The undrained behaviour of over-consolidated clay subjected to pure rotation of principal stress directions

Abstract

Foundation soil of offshore structures may be subjected to various non-proportional cyclic loadings, such as wave loading, tide loading and earthquake loading. The consolidation state may affect the undrained behaviour of clay under pure rotation of principal stress directions. A series of cyclic undrained torsional tests were performed on normally and over consolidated clay subjected to pure rotation of principal stress directions at constant deviatoric stress conditions. The effects of over consolidation ratio (OCR) on the excess pore water pressure, stress-strain loop, stiffness and non-coaxial behaviour of the clay were analyzed under different deviatoric stresses and intermediate principal stress coefficients (b values). The results indicate that owing to the pure principal stress rotation alone, strain and excess pore water pressure accumulated in samples and the accumulation is affected by OCRs, deviatoric stress amplitudes and b values. Negative excess pore water pressure and stress dilatancy can be observed in over consolidated clay. Compared with shear stiffness, the normal differential stiffness experiences greater degradation under the pure rotation of principal stress.
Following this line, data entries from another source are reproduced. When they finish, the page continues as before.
(* Off the null set where x is not in a unique piece, delta f agrees with the
   measurable deltas j f on X j; the null set itself is measurable by
   completeness of mu. *)
Lemma measurable_glued f : lipb rho setT f -> measurable_fun setT (delta f).
Proof.
move=> lf _ B mB; have [N [mN N0 Nc]] := ae_in_unique_piece X_dec.
have uN x : ~ N x -> in_unique_piece X x.
  by move=> xN; apply: contrapT => h; apply: xN; apply: Nc.
have -> : setT `&` delta f @^-1` B = (N `&` delta f @^-1` B) `|`
    \bigcup_j ((X j `&` deltas j f @^-1` B) `&` ~` N).
  apply/seteqP; split => x.
    move=> [_ /= hB]; have [xN|xN] := pselect (N x); first by left.
    have [[j Xj] _] := uN x xN; right; exists j => //; split => //; split => //.
    by rewrite /= -(glued_derivationE _ _ (uN x xN) Xj).
  move=> [[_ hB]|[j _ [[Xj hB] xN]]]; split => //.
  by rewrite /= (glued_derivationE _ _ (uN x xN) Xj).
apply: measurableU; first by apply: (measurable_subset_null mu_meas mN N0) => x [].
apply: bigcupT_measurable => j; apply: measurableI; last exact: measurableC.
by apply: measurable_deltas => //; exact: X_dec.1.
Qed.

Lemma glued_lipnorm_bound f c : lipnorm_le rho setT f c ->
  ae_on mu setT (fun x => `|delta f x| <= `|c| + 1).
Proof.
move=> lf; apply: (ae_on_glue X_dec (Q := fun j x => `|deltas j f x| <= `|c| + 1)).
  move=> j; case: (deltas_der j) => [Dj Oj].
  by apply: derivation_lipnorm_bound Dj Oj _ => //; exact: lipnorm_le_subset lf.
by move=> x j ux Xj; rewrite (glued_derivationE _ _ ux Xj).
Qed.

Lemma glued_Linfty f : lipb rho setT f -> Linfty mu setT (delta f).
Proof.
move=> lf; split; first exact: measurable_glued.
by case: lf => c lc; exists (`|c| + 1); exact: glued_lipnorm_bound.
Qed.

Lemma glued_linear f g (a b : R) : lipb rho setT f -> lipb rho setT g ->
  ae_on mu setT (fun x =>
    delta (fun y => a * f y + b * g y) x = a * delta f x + b * delta g x).
Proof.
move=> lf lg; apply: (ae_on_glue X_dec (Q := fun j x =>
  deltas j (fun y => a * f y + b * g y) x = a * deltas j f x + b * deltas j g x)).
  move=> j; case: (deltas_der j) => [[_ _ hlin _ _] _].
  by apply: hlin; apply: lipb_subset (@subsetT _ _) _.
by move=> x j ux Xj; rewrite !(glued_derivationE _ _ ux Xj).
Qed.

Lemma glued_Leibniz f g : lipb rho setT f -> lipb rho setT g ->
  ae_on mu setT (fun x =>
    delta (fun y => f y * g y) x = f x * delta g x + g x * delta f x).
Proof.
move=> lf lg; apply: (ae_on_glue X_dec (Q := fun j x =>
  deltas j (fun y => f y * g y) x = f x * deltas j g x + g x * deltas j f x)).
  move=> j; case: (deltas_der j) => [[_ _ _ hleib _] _].
  by apply: hleib; apply: lipb_subset (@subsetT _ _) _.
by move=> x j ux Xj; rewrite !(glued_derivationE _ _ ux Xj).
Qed.

Lemma glued_opnorm_le1 : opnorm_le1 rho mu setT delta.
Proof.
move=> f lf; apply: (ae_on_glue X_dec (Q := fun j x => `|deltas j f x| <= 1)).
  move=> j; case: (deltas_der j) => [_ Oj]; apply: Oj.
  exact: lipnorm_le_subset lf.
by move=> x j ux Xj; rewrite (glued_derivationE _ _ ux Xj).
Qed.

Lemma integrable_mul_glued (g h : T -> R) c : lipnorm_le rho setT h c ->
  mu.-integrable setT (EFin \o g) ->
  mu.-integrable setT (EFin \o (fun x => g x * delta h x)).
Proof.
move=> hh ig; apply: integrable_mul_ae_bounded measurableT _ _ ig.
  by apply: measurable_glued; exists c.
exact: glued_lipnorm_bound hh.
Qed.

Lemma Rintegral_glued_piece (g h : T -> R) j :
  measurable_fun setT g -> lipb rho setT h ->
  Rintegral mu (X j) (fun x => g x * delta h x) =
  Rintegral mu (X j) (fun x => g x * deltas j h x).
Proof.
move=> mg lh; have mX := X_dec.1 j.
have mgX : measurable_fun (X j) g by exact: measurable_funS mg.
apply: Rintegral_ae_eq => //.
- apply: measurable_funM => //.
  by apply: measurable_funS (measurable_glued lh).
- by apply: measurable_funM => //; exact: measurable_deltas.
- apply: filterS (ae_in_unique_piece X_dec) => x ux Xj.
  by rewrite (glued_derivationE _ _ ux Xj).
Qed.

Lemma Rintegral_glued_split (g h : T -> R) c n :
  lipnorm_le rho setT h c -> mu.-integrable setT (EFin \o g) ->
  Rintegral mu setT (fun x => g x * delta h x) =
    \sum_(j < n) Rintegral mu (X j) (fun x => g x * deltas j h x) +
    Rintegral mu (~` first_pieces X n) (fun x => g x * delta h x).
Proof.
move=> hh ig; rewrite (Rintegral_split_first_pieces X_dec n (integrable_mul_glued hh ig)).
congr (_ + _); apply: eq_bigr => j _; apply: Rintegral_glued_piece; last by exists c.
by apply/measurable_EFinP; exact: measurable_int ig.
Qed.

Lemma Rintegral_glued_tail_le (g h : T -> R) c n :
  lipnorm_le rho setT h c -> mu.-integrable setT (EFin \o g) ->
  `|Rintegral mu (~` first_pieces X n) (fun x => g x * delta h x)| <=
  (`|c| + 1) * Rintegral mu (~` first_pieces X n) (fun x => `|g x|).
Proof.
move=> hh ig.
have mA := measurableC (measurable_first_pieces X_dec n).
have iA := integrableS measurableT mA (@subsetT _ _) (integrable_mul_glued hh ig).
have igA := integrableS measurableT mA (@subsetT _ _) ig.
apply: le_trans (le_normr_Rintegral mA iA) _.
rewrite -RintegralZl //; last exact: integrable_norm.
apply: Rintegral_le_ae => //.
- exact: integrable_norm.
- by apply: integrableZl_real => //; exact: integrable_norm.
have := glued_lipnorm_bound hh; rewrite /ae_on; apply: filterS => x hx _.
by rewrite normrM mulrC; apply: ler_wpM2r => //; exact: hx.
Qed.

Lemma glued_weak_star_continuous (I : Type) (le : I -> I -> Prop)
    (F : I -> T -> R) (f : T -> R) :
  directed le -> (exists C, forall i, lipnorm_le rho setT (F i) C) ->
  (forall x, setT x -> net_cvg le (fun i => F i x) (f x)) ->
  forall g, L1 mu setT g ->
  net_cvg le (fun i => fine (\int[mu]_(x in setT) (g x * delta (F i) x)%:E))
             (fine (\int[mu]_(x in setT) (g x * delta f x)%:E)).
Proof.
move=> dir [C hF] hc g ig e e0.
have hf := lipnorm_le_net_limit dir hF hc.
have B0 : 0 < `|C| + 1 by rewrite ltr_wpDl.
pose piece j h := Rintegral mu (X j) (fun x => g x * deltas j h x).
pose tail h n := Rintegral mu (~` first_pieces X n) (fun x => g x * delta h x).
have e30 : 0 < e / 3 by rewrite divr_gt0.
have [n small_tail] := Rintegral_tail_small X_dec ig (divr_gt0 e30 B0).
have tail_lt h : lipnorm_le rho setT h C -> `|tail h n| < e / 3.
  move=> hh; apply: le_lt_trans (Rintegral_glued_tail_le n hh ig) _.
  have -> : e / 3 = (`|C| + 1) * (e / 3 / (`|C| + 1)) by field; exact: lt0r_neq0.
  by rewrite ltr_pM2l.
pose c := e / 3 / n.+1%:R. (* n.+1 rather than n, which may be 0 *)
have [i0 pieces_close] :
    net_eventually le (fun i => forall j, (j < n)%N -> `|piece j (F i) - piece j f| < c).
  apply: net_eventually_forall_ltn => // j _.
  case: (deltas_der j) => [[_ _ _ _ hcont] _].
  apply: (hcont I le F f dir _ _ g _ c) => //.
  - by exists C => i; apply: lipnorm_le_subset (hF i).
  - by move=> x _; apply: hc.
  - exact: integrableS measurableT (X_dec.1 j) (@subsetT _ _) ig.
  - by rewrite divr_gt0.
exists i0 => i li.
change (`|Rintegral mu setT (fun x => g x * delta (F i) x) -
         Rintegral mu setT (fun x => g x * delta f x)| < e).
rewrite (Rintegral_glued_split n (hF i) ig) (Rintegral_glued_split n hf ig).
rewrite -/(tail (F i) n) -/(tail f n).
have -> : \sum_(j < n) piece j (F i) + tail (F i) n - (\sum_(j < n) piece j f + tail f n) =
    \sum_(j < n) (piece j (F i) - piece j f) + (tail (F i) n - tail f n).
  by rewrite sumrB; ring.
have sum_le : `|\sum_(j < n) (piece j (F i) - piece j f)| <= e / 3.
  apply: le_trans (ler_norm_sum _ _ _) _.
  apply: le_trans (ler_sum _ (fun (j : 'I_n) _ => ltW (pieces_close i li j (ltn_ord j)))) _.
  rewrite sumr_const card_ord -[c *+ n]mulr_natl /c mulrA ler_pdivrMr ?ltr0Sn //.
  by rewrite mulrC ler_pM2l // ler_nat.
have tails := ler_normB (tail (F i) n) (tail f n).
have tF := tail_lt _ (hF i); have tf := tail_lt _ hf.
by apply: le_lt_trans (ler_normD _ _) _; lra.
Qed.

End Glued.

Theorem lemma2p16 (d : measure_display) (T : measurableType d) (R : realType)
  (rho : T -> T -> R) (mu : {measure set T -> \bar R})
  (X : nat -> set T) (deltas : nat -> (T -> R) -> (T -> R)) :
  is_metric rho -> separable rho ->
  mu_measurable_sets rho mu -> radon rho mu ->
  measurable_decomposition mu X ->
  (forall i, derivation rho mu (X i) (deltas i) /\
             opnorm_le1 rho mu (X i) (deltas i)) ->
  derivation rho mu setT (glued_derivation X deltas) /\
  opnorm_le1 rho mu setT (glued_derivation X deltas).
Proof.
move=> [rho_ge0 _] _ mu_meas _ X_dec deltas_der.
split; last exact: glued_opnorm_le1 X_dec deltas_der.
split.
- move=> f g _ _ fg; have -> : f = g by apply: funext => x; exact: fg.
  exact: aeW.
- by move=> f; apply: glued_Linfty.
- by move=> f g a b; apply: glued_linear.
- by move=> f g; apply: glued_Leibniz.
- by move=> I le F f dir hF hc g; apply: glued_weak_star_continuous.
Qed.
The shear stiffness of over consolidated clay may show an increase with loading cycles, while the normal differential stiffness degrades at low deviatoric stress value. Over consolidated clay shows non-coaxial behaviour and the greater the OCR values or the smaller the deviatoric stress, the larger the non-coaxial angle. The effects of b values on the non-coaxial behaviour of over consolidated clay are also observed. HIGHLIGHTS Over-consolidated clay subjected to pure rotation of principal stress. The effects of OCR, deviatoric stress and b value were analyzed. Negative EPWP and stress dilatancy were observed in over consolidated clay. The greater the OCR, the larger the non-coaxial angle.